[Directions for this task]: From the entries below, copy exactly the lines from the one that contains "intro e. exists" through the one that contains "(forall n, (Cmod", both included, and only those.

===== Data extracts

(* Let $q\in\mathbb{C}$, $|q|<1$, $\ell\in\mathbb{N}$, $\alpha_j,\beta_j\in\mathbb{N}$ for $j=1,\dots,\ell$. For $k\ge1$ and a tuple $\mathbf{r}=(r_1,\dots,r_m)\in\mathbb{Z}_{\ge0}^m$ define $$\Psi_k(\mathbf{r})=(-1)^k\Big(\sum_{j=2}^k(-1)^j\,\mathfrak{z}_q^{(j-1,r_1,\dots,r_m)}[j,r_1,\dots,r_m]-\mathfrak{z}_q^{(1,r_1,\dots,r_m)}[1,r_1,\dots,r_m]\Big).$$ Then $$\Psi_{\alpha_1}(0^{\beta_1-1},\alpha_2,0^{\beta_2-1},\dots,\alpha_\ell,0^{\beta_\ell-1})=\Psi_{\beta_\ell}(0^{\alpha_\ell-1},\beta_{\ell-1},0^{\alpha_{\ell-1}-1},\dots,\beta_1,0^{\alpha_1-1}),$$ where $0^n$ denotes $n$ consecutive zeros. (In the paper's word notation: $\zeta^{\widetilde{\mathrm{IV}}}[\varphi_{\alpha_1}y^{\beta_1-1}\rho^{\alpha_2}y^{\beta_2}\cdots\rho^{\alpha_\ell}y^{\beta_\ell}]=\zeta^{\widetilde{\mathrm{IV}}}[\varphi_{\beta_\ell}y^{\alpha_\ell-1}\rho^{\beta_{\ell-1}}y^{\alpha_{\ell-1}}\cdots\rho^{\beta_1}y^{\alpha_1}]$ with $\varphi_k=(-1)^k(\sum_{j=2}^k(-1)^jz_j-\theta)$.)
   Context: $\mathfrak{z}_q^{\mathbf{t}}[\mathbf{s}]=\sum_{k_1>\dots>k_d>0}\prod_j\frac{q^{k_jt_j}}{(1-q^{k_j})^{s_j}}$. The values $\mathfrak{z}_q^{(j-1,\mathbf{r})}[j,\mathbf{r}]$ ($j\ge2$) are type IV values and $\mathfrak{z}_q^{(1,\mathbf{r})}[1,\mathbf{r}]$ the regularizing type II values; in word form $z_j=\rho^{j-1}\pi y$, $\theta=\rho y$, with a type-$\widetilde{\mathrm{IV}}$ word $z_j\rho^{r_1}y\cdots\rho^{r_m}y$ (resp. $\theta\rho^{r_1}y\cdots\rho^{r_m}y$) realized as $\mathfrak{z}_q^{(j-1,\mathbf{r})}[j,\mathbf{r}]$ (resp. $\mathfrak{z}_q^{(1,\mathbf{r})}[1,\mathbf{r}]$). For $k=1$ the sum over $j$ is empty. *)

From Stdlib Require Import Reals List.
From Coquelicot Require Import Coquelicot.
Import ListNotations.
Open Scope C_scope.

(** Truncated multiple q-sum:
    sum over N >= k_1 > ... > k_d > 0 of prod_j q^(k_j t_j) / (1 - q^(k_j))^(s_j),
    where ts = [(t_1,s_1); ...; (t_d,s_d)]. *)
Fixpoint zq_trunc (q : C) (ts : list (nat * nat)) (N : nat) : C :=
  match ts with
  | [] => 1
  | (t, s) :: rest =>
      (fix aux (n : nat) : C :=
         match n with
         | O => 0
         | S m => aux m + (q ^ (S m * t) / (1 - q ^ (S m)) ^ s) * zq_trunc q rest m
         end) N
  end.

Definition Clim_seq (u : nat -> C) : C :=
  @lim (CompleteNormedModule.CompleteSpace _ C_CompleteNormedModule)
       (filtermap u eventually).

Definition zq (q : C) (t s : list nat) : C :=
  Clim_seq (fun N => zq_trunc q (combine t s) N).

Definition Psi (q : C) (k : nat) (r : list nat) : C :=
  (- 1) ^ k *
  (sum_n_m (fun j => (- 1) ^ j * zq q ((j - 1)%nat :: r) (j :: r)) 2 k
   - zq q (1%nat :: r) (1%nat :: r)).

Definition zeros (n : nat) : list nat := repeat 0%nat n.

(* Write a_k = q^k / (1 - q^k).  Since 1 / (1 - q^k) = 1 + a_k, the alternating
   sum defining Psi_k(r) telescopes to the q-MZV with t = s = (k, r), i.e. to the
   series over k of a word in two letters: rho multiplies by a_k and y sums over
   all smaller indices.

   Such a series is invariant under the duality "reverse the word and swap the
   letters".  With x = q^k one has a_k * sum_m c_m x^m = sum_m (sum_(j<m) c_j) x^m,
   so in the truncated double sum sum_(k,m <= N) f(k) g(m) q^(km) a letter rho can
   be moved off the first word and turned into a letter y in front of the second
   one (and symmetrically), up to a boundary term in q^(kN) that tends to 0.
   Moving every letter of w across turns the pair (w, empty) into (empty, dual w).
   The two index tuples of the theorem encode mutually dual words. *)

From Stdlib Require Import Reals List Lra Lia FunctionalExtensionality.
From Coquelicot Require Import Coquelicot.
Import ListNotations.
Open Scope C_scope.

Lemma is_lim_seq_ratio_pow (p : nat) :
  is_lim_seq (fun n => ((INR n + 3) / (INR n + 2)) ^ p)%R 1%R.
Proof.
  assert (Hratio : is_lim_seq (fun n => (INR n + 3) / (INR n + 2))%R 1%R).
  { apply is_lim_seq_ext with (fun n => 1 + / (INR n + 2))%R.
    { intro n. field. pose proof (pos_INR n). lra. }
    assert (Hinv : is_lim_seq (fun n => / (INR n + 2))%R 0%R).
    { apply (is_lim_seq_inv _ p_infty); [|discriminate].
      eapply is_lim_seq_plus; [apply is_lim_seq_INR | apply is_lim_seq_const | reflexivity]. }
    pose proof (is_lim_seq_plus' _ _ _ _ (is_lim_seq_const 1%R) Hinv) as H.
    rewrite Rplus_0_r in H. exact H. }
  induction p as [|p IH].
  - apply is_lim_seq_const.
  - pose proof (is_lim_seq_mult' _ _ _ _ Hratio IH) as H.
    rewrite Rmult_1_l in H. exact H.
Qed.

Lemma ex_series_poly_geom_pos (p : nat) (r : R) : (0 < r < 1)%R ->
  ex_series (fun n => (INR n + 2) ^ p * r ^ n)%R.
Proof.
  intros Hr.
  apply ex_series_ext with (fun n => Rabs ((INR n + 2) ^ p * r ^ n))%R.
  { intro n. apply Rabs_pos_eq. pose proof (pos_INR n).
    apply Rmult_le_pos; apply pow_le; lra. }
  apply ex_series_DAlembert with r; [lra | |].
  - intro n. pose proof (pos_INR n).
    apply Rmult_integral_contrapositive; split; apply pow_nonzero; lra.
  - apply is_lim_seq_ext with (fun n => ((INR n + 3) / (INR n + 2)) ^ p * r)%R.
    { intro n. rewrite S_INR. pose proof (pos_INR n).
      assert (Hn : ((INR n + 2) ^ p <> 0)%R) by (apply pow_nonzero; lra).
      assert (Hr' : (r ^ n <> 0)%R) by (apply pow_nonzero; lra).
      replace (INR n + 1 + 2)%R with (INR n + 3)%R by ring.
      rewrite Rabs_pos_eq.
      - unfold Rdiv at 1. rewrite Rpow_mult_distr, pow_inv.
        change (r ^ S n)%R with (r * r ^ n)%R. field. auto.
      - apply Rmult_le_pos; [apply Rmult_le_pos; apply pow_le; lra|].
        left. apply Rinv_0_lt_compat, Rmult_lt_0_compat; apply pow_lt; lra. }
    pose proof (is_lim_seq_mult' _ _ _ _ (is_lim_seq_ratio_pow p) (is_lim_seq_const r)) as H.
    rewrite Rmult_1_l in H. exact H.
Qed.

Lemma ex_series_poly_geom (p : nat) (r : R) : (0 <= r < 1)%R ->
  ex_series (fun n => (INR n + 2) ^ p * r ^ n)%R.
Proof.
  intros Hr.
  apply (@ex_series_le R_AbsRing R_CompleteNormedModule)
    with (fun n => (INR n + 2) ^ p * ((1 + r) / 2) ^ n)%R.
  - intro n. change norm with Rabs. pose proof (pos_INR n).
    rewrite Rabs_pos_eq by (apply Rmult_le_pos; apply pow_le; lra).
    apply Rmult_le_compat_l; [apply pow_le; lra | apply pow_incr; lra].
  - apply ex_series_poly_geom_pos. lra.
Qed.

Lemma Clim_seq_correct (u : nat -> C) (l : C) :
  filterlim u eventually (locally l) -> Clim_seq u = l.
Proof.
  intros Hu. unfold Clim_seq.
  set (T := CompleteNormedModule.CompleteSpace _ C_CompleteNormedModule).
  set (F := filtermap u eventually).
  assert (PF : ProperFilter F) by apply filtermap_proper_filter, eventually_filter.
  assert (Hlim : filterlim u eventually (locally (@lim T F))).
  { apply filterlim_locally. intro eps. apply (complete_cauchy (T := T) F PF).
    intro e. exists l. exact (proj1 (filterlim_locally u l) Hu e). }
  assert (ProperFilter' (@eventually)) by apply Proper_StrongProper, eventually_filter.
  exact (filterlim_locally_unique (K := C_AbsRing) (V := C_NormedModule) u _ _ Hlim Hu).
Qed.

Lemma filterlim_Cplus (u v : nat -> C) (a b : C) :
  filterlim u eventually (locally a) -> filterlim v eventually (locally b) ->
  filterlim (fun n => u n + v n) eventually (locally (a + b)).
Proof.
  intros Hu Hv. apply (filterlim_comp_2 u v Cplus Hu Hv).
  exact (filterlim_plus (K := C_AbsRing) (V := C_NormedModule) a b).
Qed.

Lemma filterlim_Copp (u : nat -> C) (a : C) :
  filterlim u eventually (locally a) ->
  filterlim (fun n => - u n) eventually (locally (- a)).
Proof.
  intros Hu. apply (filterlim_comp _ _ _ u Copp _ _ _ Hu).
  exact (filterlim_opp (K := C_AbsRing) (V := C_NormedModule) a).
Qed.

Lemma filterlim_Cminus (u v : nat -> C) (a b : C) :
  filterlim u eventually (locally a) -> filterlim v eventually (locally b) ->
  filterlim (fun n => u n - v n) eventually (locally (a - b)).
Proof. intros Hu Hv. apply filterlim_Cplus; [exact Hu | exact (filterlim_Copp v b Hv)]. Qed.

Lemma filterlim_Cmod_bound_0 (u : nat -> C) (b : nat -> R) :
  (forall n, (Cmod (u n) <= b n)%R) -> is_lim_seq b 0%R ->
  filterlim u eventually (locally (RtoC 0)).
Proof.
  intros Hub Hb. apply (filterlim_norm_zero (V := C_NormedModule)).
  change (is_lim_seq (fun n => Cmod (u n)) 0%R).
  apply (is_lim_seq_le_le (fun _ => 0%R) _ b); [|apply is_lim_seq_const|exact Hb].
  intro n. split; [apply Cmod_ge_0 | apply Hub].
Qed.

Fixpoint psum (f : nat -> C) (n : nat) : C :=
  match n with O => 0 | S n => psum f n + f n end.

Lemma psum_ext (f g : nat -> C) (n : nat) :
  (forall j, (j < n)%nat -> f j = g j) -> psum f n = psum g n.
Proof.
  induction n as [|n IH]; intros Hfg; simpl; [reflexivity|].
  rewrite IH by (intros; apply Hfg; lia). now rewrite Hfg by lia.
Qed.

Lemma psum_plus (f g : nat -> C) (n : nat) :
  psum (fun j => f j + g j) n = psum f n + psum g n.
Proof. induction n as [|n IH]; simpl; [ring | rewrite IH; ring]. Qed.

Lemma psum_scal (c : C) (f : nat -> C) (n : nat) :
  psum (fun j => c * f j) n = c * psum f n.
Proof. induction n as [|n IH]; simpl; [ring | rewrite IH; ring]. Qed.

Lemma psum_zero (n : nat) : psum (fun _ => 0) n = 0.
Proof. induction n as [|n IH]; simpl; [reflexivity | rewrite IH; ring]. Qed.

==========
===== Data extracts

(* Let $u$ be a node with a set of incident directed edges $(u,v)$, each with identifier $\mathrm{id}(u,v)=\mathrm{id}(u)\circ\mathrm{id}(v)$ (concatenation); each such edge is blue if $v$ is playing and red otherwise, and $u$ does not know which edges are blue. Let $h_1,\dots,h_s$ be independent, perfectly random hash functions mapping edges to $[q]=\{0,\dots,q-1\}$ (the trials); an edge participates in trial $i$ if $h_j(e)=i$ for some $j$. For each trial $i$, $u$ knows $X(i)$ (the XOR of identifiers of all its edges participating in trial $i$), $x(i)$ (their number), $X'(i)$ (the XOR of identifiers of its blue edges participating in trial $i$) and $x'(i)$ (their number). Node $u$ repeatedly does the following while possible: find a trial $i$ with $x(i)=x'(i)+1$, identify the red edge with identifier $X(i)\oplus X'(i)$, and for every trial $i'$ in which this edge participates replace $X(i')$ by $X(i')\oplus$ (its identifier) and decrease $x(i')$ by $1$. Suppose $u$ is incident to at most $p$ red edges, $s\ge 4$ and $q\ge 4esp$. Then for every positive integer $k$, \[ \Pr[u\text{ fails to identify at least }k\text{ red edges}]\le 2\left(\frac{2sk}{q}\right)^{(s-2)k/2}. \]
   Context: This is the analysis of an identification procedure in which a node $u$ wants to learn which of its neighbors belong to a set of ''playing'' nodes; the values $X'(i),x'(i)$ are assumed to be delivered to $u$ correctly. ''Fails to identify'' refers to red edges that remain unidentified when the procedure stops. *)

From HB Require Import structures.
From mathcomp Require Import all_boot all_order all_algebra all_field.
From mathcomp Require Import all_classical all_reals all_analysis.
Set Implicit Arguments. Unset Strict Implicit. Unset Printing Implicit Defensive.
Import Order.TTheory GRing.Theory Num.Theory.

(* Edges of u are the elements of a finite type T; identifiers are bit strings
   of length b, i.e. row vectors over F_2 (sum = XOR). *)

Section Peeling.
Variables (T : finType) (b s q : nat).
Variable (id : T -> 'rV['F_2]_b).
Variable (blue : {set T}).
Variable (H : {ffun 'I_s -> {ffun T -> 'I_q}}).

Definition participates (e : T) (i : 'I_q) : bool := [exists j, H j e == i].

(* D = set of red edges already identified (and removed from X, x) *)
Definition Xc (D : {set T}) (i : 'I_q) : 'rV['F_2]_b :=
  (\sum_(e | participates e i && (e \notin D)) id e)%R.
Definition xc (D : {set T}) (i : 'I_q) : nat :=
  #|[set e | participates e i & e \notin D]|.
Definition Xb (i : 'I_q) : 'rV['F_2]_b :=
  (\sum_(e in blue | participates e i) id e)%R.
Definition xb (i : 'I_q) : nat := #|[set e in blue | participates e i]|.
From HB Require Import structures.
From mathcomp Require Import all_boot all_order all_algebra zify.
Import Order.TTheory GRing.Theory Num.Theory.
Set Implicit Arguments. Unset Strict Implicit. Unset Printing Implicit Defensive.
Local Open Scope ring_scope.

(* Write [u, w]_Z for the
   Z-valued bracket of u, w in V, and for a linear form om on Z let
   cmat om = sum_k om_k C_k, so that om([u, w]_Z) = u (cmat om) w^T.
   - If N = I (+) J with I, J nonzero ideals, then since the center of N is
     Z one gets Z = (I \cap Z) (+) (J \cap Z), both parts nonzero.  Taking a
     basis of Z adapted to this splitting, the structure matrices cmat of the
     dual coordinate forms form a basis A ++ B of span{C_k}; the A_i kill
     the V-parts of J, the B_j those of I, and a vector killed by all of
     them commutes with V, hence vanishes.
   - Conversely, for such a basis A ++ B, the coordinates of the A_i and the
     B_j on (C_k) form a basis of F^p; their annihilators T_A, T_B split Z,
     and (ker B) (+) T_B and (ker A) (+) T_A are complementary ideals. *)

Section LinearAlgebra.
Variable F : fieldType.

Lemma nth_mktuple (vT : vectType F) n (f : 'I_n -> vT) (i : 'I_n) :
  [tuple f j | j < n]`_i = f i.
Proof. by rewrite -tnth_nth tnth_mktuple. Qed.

==========

[Exercise result]:
    intro e. exists l. exact (proj1 (filterlim_locally u l) Hu e). }
  assert (ProperFilter' (@eventually)) by apply Proper_StrongProper, eventually_filter.
  exact (filterlim_locally_unique (K := C_AbsRing) (V := C_NormedModule) u _ _ Hlim Hu).
Qed.

Lemma filterlim_Cplus (u v : nat -> C) (a b : C) :
  filterlim u eventually (locally a) -> filterlim v eventually (locally b) ->
  filterlim (fun n => u n + v n) eventually (locally (a + b)).
Proof.
  intros Hu Hv. apply (filterlim_comp_2 u v Cplus Hu Hv).
  exact (filterlim_plus (K := C_AbsRing) (V := C_NormedModule) a b).
Qed.

Lemma filterlim_Copp (u : nat -> C) (a : C) :
  filterlim u eventually (locally a) ->
  filterlim (fun n => - u n) eventually (locally (- a)).
Proof.
  intros Hu. apply (filterlim_comp _ _ _ u Copp _ _ _ Hu).
  exact (filterlim_opp (K := C_AbsRing) (V := C_NormedModule) a).
Qed.

Lemma filterlim_Cminus (u v : nat -> C) (a b : C) :
  filterlim u eventually (locally a) -> filterlim v eventually (locally b) ->
  filterlim (fun n => u n - v n) eventually (locally (a - b)).
Proof. intros Hu Hv. apply filterlim_Cplus; [exact Hu | exact (filterlim_Copp v b Hv)]. Qed.

Lemma filterlim_Cmod_bound_0 (u : nat -> C) (b : nat -> R) :
  (forall n, (Cmod (u n) <= b n)%R) -> is_lim_seq b 0%R ->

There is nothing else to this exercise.